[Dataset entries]
☆ ☆ ☆ ☆ ☆ ☆ ☆

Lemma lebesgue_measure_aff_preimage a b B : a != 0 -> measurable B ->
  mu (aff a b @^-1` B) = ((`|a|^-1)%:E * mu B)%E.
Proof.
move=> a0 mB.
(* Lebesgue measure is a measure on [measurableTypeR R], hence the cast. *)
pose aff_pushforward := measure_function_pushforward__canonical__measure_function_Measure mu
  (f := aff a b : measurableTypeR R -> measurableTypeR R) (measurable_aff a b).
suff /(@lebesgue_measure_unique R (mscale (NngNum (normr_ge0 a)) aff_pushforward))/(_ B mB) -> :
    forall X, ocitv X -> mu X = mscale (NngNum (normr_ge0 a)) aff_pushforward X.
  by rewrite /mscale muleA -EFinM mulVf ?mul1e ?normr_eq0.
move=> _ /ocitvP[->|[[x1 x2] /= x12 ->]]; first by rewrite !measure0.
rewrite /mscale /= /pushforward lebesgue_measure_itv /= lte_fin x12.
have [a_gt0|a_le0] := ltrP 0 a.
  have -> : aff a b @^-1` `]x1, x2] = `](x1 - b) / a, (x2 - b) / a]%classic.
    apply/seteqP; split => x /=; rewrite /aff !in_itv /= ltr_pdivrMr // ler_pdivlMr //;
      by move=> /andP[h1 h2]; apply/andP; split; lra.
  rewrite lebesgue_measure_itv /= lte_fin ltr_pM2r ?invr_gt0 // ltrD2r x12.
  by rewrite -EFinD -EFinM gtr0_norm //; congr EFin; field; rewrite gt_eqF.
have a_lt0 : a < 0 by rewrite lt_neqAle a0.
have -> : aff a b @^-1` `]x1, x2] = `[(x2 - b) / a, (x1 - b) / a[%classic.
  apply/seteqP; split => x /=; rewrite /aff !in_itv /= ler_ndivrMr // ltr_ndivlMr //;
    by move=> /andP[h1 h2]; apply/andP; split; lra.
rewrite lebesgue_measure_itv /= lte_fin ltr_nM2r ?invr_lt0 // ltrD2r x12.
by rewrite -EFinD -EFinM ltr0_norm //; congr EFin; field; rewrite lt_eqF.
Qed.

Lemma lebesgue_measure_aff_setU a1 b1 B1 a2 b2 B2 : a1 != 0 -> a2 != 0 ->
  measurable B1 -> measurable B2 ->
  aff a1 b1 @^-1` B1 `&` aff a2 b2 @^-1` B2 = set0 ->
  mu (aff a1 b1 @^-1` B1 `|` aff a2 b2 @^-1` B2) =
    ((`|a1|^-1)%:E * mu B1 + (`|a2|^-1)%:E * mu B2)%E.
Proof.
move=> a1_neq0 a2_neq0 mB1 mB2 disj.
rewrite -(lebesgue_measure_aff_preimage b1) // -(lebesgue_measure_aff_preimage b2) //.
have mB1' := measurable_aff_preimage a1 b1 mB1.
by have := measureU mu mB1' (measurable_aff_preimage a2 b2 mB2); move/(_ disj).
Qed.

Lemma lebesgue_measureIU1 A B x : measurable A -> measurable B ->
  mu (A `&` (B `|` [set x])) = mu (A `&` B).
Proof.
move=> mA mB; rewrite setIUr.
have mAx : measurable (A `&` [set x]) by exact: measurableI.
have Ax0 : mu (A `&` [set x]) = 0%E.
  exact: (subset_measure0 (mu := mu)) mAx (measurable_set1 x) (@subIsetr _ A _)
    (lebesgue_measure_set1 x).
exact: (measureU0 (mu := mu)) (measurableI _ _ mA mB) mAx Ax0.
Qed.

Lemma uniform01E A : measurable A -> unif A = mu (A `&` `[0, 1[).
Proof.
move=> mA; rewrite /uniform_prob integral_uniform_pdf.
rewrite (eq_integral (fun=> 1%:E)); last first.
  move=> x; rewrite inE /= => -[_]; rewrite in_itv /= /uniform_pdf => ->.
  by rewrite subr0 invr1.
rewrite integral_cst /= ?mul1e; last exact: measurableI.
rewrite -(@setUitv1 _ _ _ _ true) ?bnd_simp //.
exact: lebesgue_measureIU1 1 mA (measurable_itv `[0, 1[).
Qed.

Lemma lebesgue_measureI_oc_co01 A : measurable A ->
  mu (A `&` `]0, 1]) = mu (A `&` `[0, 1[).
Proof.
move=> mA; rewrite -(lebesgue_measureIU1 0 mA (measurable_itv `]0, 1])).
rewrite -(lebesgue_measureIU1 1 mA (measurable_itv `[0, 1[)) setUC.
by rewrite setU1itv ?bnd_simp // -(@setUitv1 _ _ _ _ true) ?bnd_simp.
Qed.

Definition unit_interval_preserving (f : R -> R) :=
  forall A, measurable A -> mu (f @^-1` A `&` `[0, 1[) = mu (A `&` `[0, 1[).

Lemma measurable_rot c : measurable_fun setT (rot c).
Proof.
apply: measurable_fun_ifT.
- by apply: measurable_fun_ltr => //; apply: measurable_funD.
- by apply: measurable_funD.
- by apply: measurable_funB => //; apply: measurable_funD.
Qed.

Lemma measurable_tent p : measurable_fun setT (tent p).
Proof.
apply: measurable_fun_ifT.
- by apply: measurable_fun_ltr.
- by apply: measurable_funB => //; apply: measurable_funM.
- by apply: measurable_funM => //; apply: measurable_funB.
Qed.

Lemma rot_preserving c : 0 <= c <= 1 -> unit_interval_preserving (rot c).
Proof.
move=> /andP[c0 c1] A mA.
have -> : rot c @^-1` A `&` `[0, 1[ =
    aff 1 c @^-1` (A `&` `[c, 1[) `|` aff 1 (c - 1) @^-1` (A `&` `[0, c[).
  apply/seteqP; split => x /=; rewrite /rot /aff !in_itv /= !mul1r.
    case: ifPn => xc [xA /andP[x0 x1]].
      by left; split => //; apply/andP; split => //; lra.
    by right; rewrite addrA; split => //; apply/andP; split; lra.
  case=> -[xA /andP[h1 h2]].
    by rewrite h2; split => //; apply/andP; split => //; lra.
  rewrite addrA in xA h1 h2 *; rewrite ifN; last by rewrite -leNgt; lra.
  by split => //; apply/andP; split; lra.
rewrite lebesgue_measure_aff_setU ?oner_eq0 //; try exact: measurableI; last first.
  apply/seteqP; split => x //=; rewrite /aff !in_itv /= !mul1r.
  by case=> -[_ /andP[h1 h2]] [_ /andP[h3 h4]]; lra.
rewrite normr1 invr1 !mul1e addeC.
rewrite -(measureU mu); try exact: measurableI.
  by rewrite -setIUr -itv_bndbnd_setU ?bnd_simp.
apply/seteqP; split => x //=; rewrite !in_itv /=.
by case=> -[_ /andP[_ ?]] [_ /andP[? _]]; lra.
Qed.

☆ ☆ ☆ ☆ ☆ ☆ ☆

Return all lines from the data above with "have" in them.

__Answer__
have [a_gt0|a_le0] := ltrP 0 a.
  have -> : aff a b @^-1` `]x1, x2] = `](x1 - b) / a, (x2 - b) / a]%classic.
have a_lt0 : a < 0 by rewrite lt_neqAle a0.
have -> : aff a b @^-1` `]x1, x2] = `[(x2 - b) / a, (x1 - b) / a[%classic.
have mB1' := measurable_aff_preimage a1 b1 mB1.
by have := measureU mu mB1' (measurable_aff_preimage a2 b2 mB2); move/(_ disj).
have mAx : measurable (A `&` [set x]) by exact: measurableI.
have Ax0 : mu (A `&` [set x]) = 0%E.
have -> : rot c @^-1` A `&` `[0, 1[ =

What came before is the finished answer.